On the Performance Revision of a Wearable Antenna Sensor for Glucose Detection Utilizing Artificial Neural Networks
Main Article Content
Abstract
The study "Performance Revision of a Wearable Antenna Sensor for Glucose Detection Utilizing Artificial Neural Networks" explores machine learning techniques to improve the accuracy and responsiveness of a wearable antenna sensor for glucose detection. The results demonstrate significant improvements in the sensor's performance, particularly in real-time glucose monitoring. By fine-tuning the neural network architecture, the researchers achieved a higher degree of precision while minimizing false readings, enhancing the accuracy of glucose measurements and paving the way for more customized diabetes management strategies. The findings suggest that integrating additional data sources, such as patient activity levels and dietary habits, could further refine the predictive capabilities of the system. Future work will focus on integrating these advancements into a compact, wearable format, ensuring user comfort and accessibility. Additionally, exploring the potential for remote monitoring features could further empower individuals in managing their health proactively.
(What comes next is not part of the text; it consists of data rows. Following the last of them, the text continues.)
Lemma csum_swap (g : nat -> nat -> C) m n :
  csum (fun i => csum (fun j => g i j) n) m = csum (fun j => csum (fun i => g i j) m) n.
Proof.
  induction m as [|m IH]; simpl.
  - rewrite csum_zero. reflexivity.
  - rewrite IH, <- csum_plus. reflexivity.
Qed.

Lemma csum_delta (g : nat -> C) i0 n :
  csum (fun i => if Nat.eqb i i0 then g i else 0) n = if Nat.ltb i0 n then g i0 else 0.
Proof.
  induction n as [|n IH]; simpl.
  - destruct i0; reflexivity.
  - rewrite IH.
    destruct (Nat.eqb_spec n i0) as [->|E].
    + rewrite Nat.ltb_irrefl, (proj2 (Nat.ltb_lt i0 (S i0))) by lia. ring.
    + destruct (Nat.ltb_spec i0 n), (Nat.ltb_spec i0 (S n)); try lia; ring.
Qed.

Lemma csum_geom w n : (w - 1) * csum (fun m => w ^ m) n = w ^ n - 1.
Proof.
  induction n as [|n IH]; simpl csum.
  - simpl. ring.
  - rewrite Cmult_plus_distr_l, IH, Cpow_S. ring.
Qed.

Lemma csum_conj f n : Cconj (csum f n) = csum (fun i => Cconj (f i)) n.
Proof.
  induction n as [|n IH]; simpl.
  - apply injective_projections; simpl; ring.
  - rewrite Cplus_conj, IH. reflexivity.
Qed.

Lemma Re_csum_ge (f : nat -> C) (B : R) N :
  (forall m, (m < N)%nat -> (- B <= Re (f m))%R) -> (- (INR N * B) <= Re (csum f N))%R.
Proof.
  induction N as [|N IH]; intros H; simpl csum.
  - simpl. lra.
  - rewrite S_INR. change (Re (csum f N + f N)) with (Re (csum f N) + Re (f N))%R.
    specialize (IH (fun m Hm => H m ltac:(lia))). specialize (H N ltac:(lia)). lra.
Qed.

Definition psum (a : nat -> C) (n : nat) (z : C) : C := csum (fun k => a k * z ^ k) n.

Definition unit_root (N : nat) : C := (cos (2 * PI / INR N), sin (2 * PI / INR N)).

Lemma Cpow_cis th n : (cos th, sin th) ^ n = (cos (INR n * th), sin (INR n * th)).
Proof.
  induction n as [|n IH].
  - simpl. rewrite Rmult_0_l, cos_0, sin_0. reflexivity.
  - rewrite Cpow_S, IH, S_INR.
    replace ((INR n + 1) * th)%R with (th + INR n * th)%R by ring.
    rewrite cos_plus, sin_plus.
    apply injective_projections; simpl; ring.
Qed.

Lemma unit_root_pow_N N : (0 < N)%nat -> unit_root N ^ N = 1.
Proof.
  intros HN. unfold unit_root. rewrite Cpow_cis.
  replace (INR N * (2 * PI / INR N))%R with (2 * PI)%R by (field; apply not_0_INR; lia).
  rewrite cos_2PI, sin_2PI. reflexivity.
Qed.

Lemma unit_root_pow_neq1 N t : (0 < t < N)%nat -> unit_root N ^ t <> 1.
Proof.
  intros H E. unfold unit_root in E. rewrite Cpow_cis in E.
  set (x := (INR t * (2 * PI / INR N))%R) in *.
  apply (f_equal fst) in E. simpl in E.
  assert (HN : (0 < INR N)%R) by (apply lt_0_INR; lia).
  assert (HtN : (0 < INR t < INR N)%R) by (split; [apply lt_0_INR | apply lt_INR]; lia).
  pose proof PI_RGT_0.
  (* cos x = 1 - 2 sin^2 (x/2) with 0 < x/2 < pi *)
  assert (Hx : (0 < x / 2 < PI)%R).
  { unfold x. replace (INR t * (2 * PI / INR N) / 2)%R with (PI * (INR t / INR N))%R
      by (field; lra).
    assert (0 < INR t / INR N < 1)%R.
    { split; [apply Rdiv_lt_0_compat; lra|].
      apply (Rmult_lt_reg_r (INR N)); auto. field_simplify; lra. }
    nra. }
  pose proof (sin_gt_0 _ (proj1 Hx) (proj2 Hx)).
  pose proof (cos_2a_sin (x / 2)) as Hc.
  replace (2 * (x / 2))%R with x in Hc by field.
  nra.
Qed.

Lemma Cmod_unit_root N : Cmod (unit_root N) = 1%R.
Proof.
  unfold unit_root, Cmod. simpl. transitivity (sqrt 1); [f_equal | apply sqrt_1].
  pose proof (sin2_cos2 (2 * PI / INR N)) as E. unfold Rsqr in E. nra.
Qed.

Lemma csum_pow_unit_root N t : (0 < t < 2 * N)%nat ->
  csum (fun m => (unit_root N ^ t) ^ m) N = if Nat.eqb t N then RtoC (INR N) else 0.
Proof.
  intros H. set (w := unit_root N ^ t).
  destruct (Nat.eqb_spec t N) as [->|E].
  - unfold w. rewrite unit_root_pow_N by lia.
    rewrite (csum_ext _ (fun _ => 1)) by (intros; apply Cpow_1_l).
    rewrite csum_const. ring.
  - assert (Hw : w - 1 <> 0).
    { intro Z. assert (Hw1 : w = 1) by (replace w with (w - 1 + 1) by ring; rewrite Z; ring).
      revert Hw1. unfold w.
      destruct (Nat.lt_ge_cases t N).
      - apply unit_root_pow_neq1. lia.
      - replace t with (N + (t - N))%nat by lia.
        rewrite Cpow_add_r, unit_root_pow_N, Cmult_1_l by lia.
        apply unit_root_pow_neq1. lia. }
    assert (HwN : w ^ N = 1).
    { unfold w. rewrite <- Cpow_mult_r, Nat.mul_comm, Cpow_mult_r, unit_root_pow_N by lia.
      apply Cpow_1_l. }
    pose proof (csum_geom w N) as G. rewrite HwN in G.
    replace (csum (fun m => w ^ m) N)
      with (/ (w - 1) * ((w - 1) * csum (fun m => w ^ m) N)) by (field; exact Hw).
    rewrite G. ring.
Qed.

Lemma Cconj_pow_root_of_unity (z : C) N j : z ^ N = 1 -> Cmod z = 1%R -> (j <= N)%nat ->
  Cconj z ^ j = z ^ (N - j).
Proof.
  intros HN Hm Hj.
  assert (Hzc : z * Cconj z = 1).
  { rewrite <- Cmod2_conj, Hm. apply injective_projections; simpl; ring. }
  assert (A : Cconj z ^ j * z ^ j = 1).
  { rewrite <- Cpow_mult_l, Cmult_comm, Hzc. apply Cpow_1_l. }
  assert (B : z ^ j * z ^ (N - j) = 1).
  { rewrite <- Cpow_add_r. replace (j + (N - j))%nat with N by lia. exact HN. }
  transitivity (Cconj z ^ j * (z ^ j * z ^ (N - j))).
  - rewrite B. ring.
  - rewrite Cmult_assoc, A. ring.
Qed.

(* Averaging over the N-th roots of unity w_m extracts the coefficient of
   degree j - k: w_m^k conj(w_m)^j = w_m^(k + N - j), and the average of
   w_m^(n + k + N - j) vanishes unless n + k = j. *)
Lemma csum_unit_root_monomial (e : nat -> C) (L N : nat) (r : C) (k j : nat) :
  (4 <= L)%nat -> (L + 4 <= N)%nat -> (k <= 3)%nat -> (j <= 3)%nat ->
  csum (fun m => psum e L (r * unit_root N ^ m) * (unit_root N ^ m) ^ k
                 * Cconj (unit_root N ^ m) ^ j) N
  = if Nat.leb k j then INR N * (e (j - k)%nat * r ^ (j - k)) else 0.
Proof.
  intros HL HN Hk Hj.
  set (w := unit_root N).
  rewrite (csum_ext _ (fun m => csum (fun n => (e n * r ^ n) * (w ^ (n + k + (N - j))) ^ m) L)).
  2:{ intros m Hm. unfold psum.
      rewrite (Cconj_pow_root_of_unity (w ^ m) N j).
      2:{ unfold w. rewrite <- Cpow_mult_r, Nat.mul_comm, Cpow_mult_r, unit_root_pow_N by lia.
          apply Cpow_1_l. }
      2:{ unfold w. rewrite Cmod_pow, Cmod_unit_root. apply pow1. }
      2:{ lia. }
      rewrite <- Cmult_assoc, Cmult_comm, <- csum_scal.
      apply csum_ext. intros n Hn.
      rewrite <- (Cpow_mult_r w (n + k + (N - j)) m).
      replace ((n + k + (N - j)) * m)%nat with (m * n + m * k + m * (N - j))%nat by ring.
      rewrite !Cpow_add_r, !Cpow_mult_r, Cpow_mult_l. ring. }
  rewrite csum_swap.
  rewrite (csum_ext _ (fun n => (e n * r ^ n) *
                               (if Nat.eqb (n + k + (N - j)) N then RtoC (INR N) else 0))).
  2:{ intros n Hn. unfold w. rewrite csum_scal, csum_pow_unit_root by lia. reflexivity. }
  destruct (Nat.leb_spec k j).
  - rewrite (csum_ext _ (fun n => if Nat.eqb n (j - k) then INR N * (e n * r ^ n) else 0)).
    + rewrite csum_delta, (proj2 (Nat.ltb_lt (j - k) L)) by lia. reflexivity.
    + intros n Hn.
      destruct (Nat.eqb_spec (n + k + (N - j)) N), (Nat.eqb_spec n (j - k)); try lia; ring.
  - rewrite (csum_ext _ (fun _ => 0)); [apply csum_zero|].
    intros n Hn. destruct (Nat.eqb_spec (n + k + (N - j)) N); try lia; ring.
Qed.

Definition toeplitz_form (c0 c1 c2 c3 x0 x1 x2 x3 : C) : C :=
  c0 * (x0 * Cconj x0 + x1 * Cconj x1 + x2 * Cconj x2 + x3 * Cconj x3)
  + c1 * (x0 * Cconj x1 + x1 * Cconj x2 + x2 * Cconj x3)
  + c2 * (x0 * Cconj x2 + x1 * Cconj x3) + c3 * (x0 * Cconj x3).

Lemma csum_unit_root_toeplitz e L N r x : (4 <= L)%nat -> (L + 4 <= N)%nat ->
  csum (fun m => psum e L (r * unit_root N ^ m) * psum x 4 (unit_root N ^ m)
                 * Cconj (psum x 4 (unit_root N ^ m))) N
  = INR N * toeplitz_form (e 0%nat) (e 1%nat * r) (e 2%nat * r ^ 2) (e 3%nat * r ^ 3)
                          (x 0%nat) (x 1%nat) (x 2%nat) (x 3%nat).
Proof.
  intros HL HN.
  rewrite (csum_ext _ (fun m => csum (fun k => csum (fun j => (x k * Cconj (x j)) *
     (psum e L (r * unit_root N ^ m) * (unit_root N ^ m) ^ k
      * Cconj (unit_root N ^ m) ^ j)) 4) 4)).
  2:{ intros m Hm. unfold psum at 2 3. rewrite csum_conj. simpl csum.
      rewrite ?Cplus_conj, ?Cmult_conj, ?Cpow_conj. simpl.
      replace (Cconj 1) with (RtoC 1) by (apply injective_projections; simpl; ring). ring. }
  rewrite csum_swap.
  rewrite (csum_ext _ (fun k => csum (fun j => (x k * Cconj (x j)) *
     (if Nat.leb k j then INR N * (e (j - k)%nat * r ^ (j - k)) else 0)) 4)).
  2:{ intros k Hk. rewrite csum_swap. apply csum_ext. intros j Hj.
      rewrite csum_scal, csum_unit_root_monomial by lia. reflexivity. }
  unfold toeplitz_form. simpl. ring.
Qed.

Lemma Cmod_sub_le (x y : C) : (Cmod (x - y) <= Cmod x + Cmod y)%R.
Proof. unfold Cminus. eapply Rle_trans; [apply Cmod_triangle|]. rewrite Cmod_opp. lra. Qed.

Lemma sum_n_csum (a : nat -> C) N : @sum_n C_AbelianMonoid a N = csum a (S N).
Proof.
  induction N as [|N IH].
  - rewrite sum_O. simpl. change (a 0%nat = 0 + a 0%nat). ring.
  - rewrite sum_Sn, IH. reflexivity.
Qed.

Lemma C_ball_of_Cmod (x y : C) (eps : R) :
  (Cmod (y - x) < eps)%R -> @ball C_NormedModule x eps y.
Proof. intros H. apply norm_compat1. exact H. Qed.

Lemma Cmod_lt_of_C_ball (x y : C) (eps : posreal) :
  @ball C_NormedModule x eps y -> (Cmod (y - x) < 2 * eps)%R.
Proof.
  intros H. pose proof (norm_compat2 x y eps H) as H1.
  change (Cmod (y - x) < sqrt 2 * eps)%R in H1.
  assert (sqrt 2 < 2)%R.
  { rewrite <- (sqrt_square 2) at 2 by lra. apply sqrt_lt_1; lra. }
  destruct eps as [e He]; simpl in *. nra.
Qed.

Lemma is_series_csum_close (a : nat -> C) (l : C) :
  @is_series C_AbsRing C_NormedModule a l ->
  forall eps, (0 < eps)%R ->
  exists N0, forall N, (N0 <= N)%nat -> (Cmod (csum a N - l) < eps)%R.
Proof.
  intros H eps Heps.
  destruct (proj1 (filterlim_locally _ _) H (mkposreal (eps / 2) ltac:(lra))) as [N0 HN0].
  exists (S N0). intros [|N] HN; [lia|].
  specialize (HN0 N ltac:(lia)). apply Cmod_lt_of_C_ball in HN0. simpl in HN0.
  rewrite <- sum_n_csum. replace eps with (2 * (eps / 2))%R by field. exact HN0.
Qed.

Lemma Cmod_series_tail_le (g : nat -> C) (l : C) (B q : R) (M : nat) :
  @is_series C_AbsRing C_NormedModule g l -> (0 <= B)%R -> (0 <= q < 1)%R ->
  (forall n, (M <= n)%nat -> (Cmod (g n) <= B * q ^ n)%R) ->
  (Cmod (l - csum g M) <= B * q ^ M / (1 - q))%R.
Proof.
  intros Hs HB Hq Hg.
  assert (Hfin : forall j,
             (Cmod (csum g (M + j) - csum g M) <= B * q ^ M * (1 - q ^ j) / (1 - q))%R).
  { induction j as [|j IH].
    - rewrite Nat.add_0_r. replace (csum g M - csum g M) with (RtoC 0) by ring. rewrite Cmod_0. simpl.
      replace (B * q ^ M * (1 - 1) / (1 - q))%R with 0%R by (field; lra). lra.
    - replace (M + S j)%nat with (S (M + j)) by lia. simpl csum.
      replace (csum g (M + j) + g (M + j)%nat - csum g M)
        with ((csum g (M + j) - csum g M) + g (M + j)%nat) by ring.
      eapply Rle_trans; [apply Cmod_triangle|].
      specialize (Hg (M + j)%nat ltac:(lia)). rewrite pow_add in Hg.
      replace (B * q ^ M * (1 - q ^ S j) / (1 - q))%R
        with (B * q ^ M * (1 - q ^ j) / (1 - q) + B * (q ^ M * q ^ j))%R by (simpl; field; lra).
      lra. }
  apply Rnot_lt_le. intros Hlt.
  set (D := (Cmod (l - csum g M) - B * q ^ M / (1 - q))%R).
  destruct (is_series_csum_close g l Hs D ltac:(unfold D; lra)) as [N0 HN0].
  specialize (HN0 (M + N0)%nat ltac:(lia)). specialize (Hfin N0).
  assert (B * q ^ M * (1 - q ^ N0) / (1 - q) <= B * q ^ M / (1 - q))%R.
  { unfold Rdiv. apply Rmult_le_compat_r; [apply Rlt_le, Rinv_0_lt_compat; lra|].
    pose proof (pow_le q N0 ltac:(lra)). pose proof (pow_le q M ltac:(lra)).
    assert (0 <= B * q ^ M)%R by (apply Rmult_le_pos; lra). nra. }
  pose proof (Cmod_triangle (l - csum g (M + N0)) (csum g (M + N0) - csum g M)).
  replace (l - csum g (M + N0) + (csum g (M + N0) - csum g M)) with (l - csum g M) in H0
    by ring.
  rewrite <- Cmod_opp in HN0. replace (- (csum g (M + N0) - l)) with (l - csum g (M + N0)) in HN0
    by ring.
  unfold D in *. lra.
Qed.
The study also addresses the issue of non-linearity due to diffraction effects from different layers in microwave resonators. The proposed antenna designs are based on a low-cost, highly-sensitive microwave antenna for identifying different liquid samples through monitoring the variation in S21 magnitude. The antenna's accuracy is improved through a back loop trace technique, eliminating nonlinear effects due to multi-layer diffractions. An analytical model based on circuit theory is suggested for the proposed antenna operation, and the results are validated numerically using the Computer Simulation Technology Microwave studio package.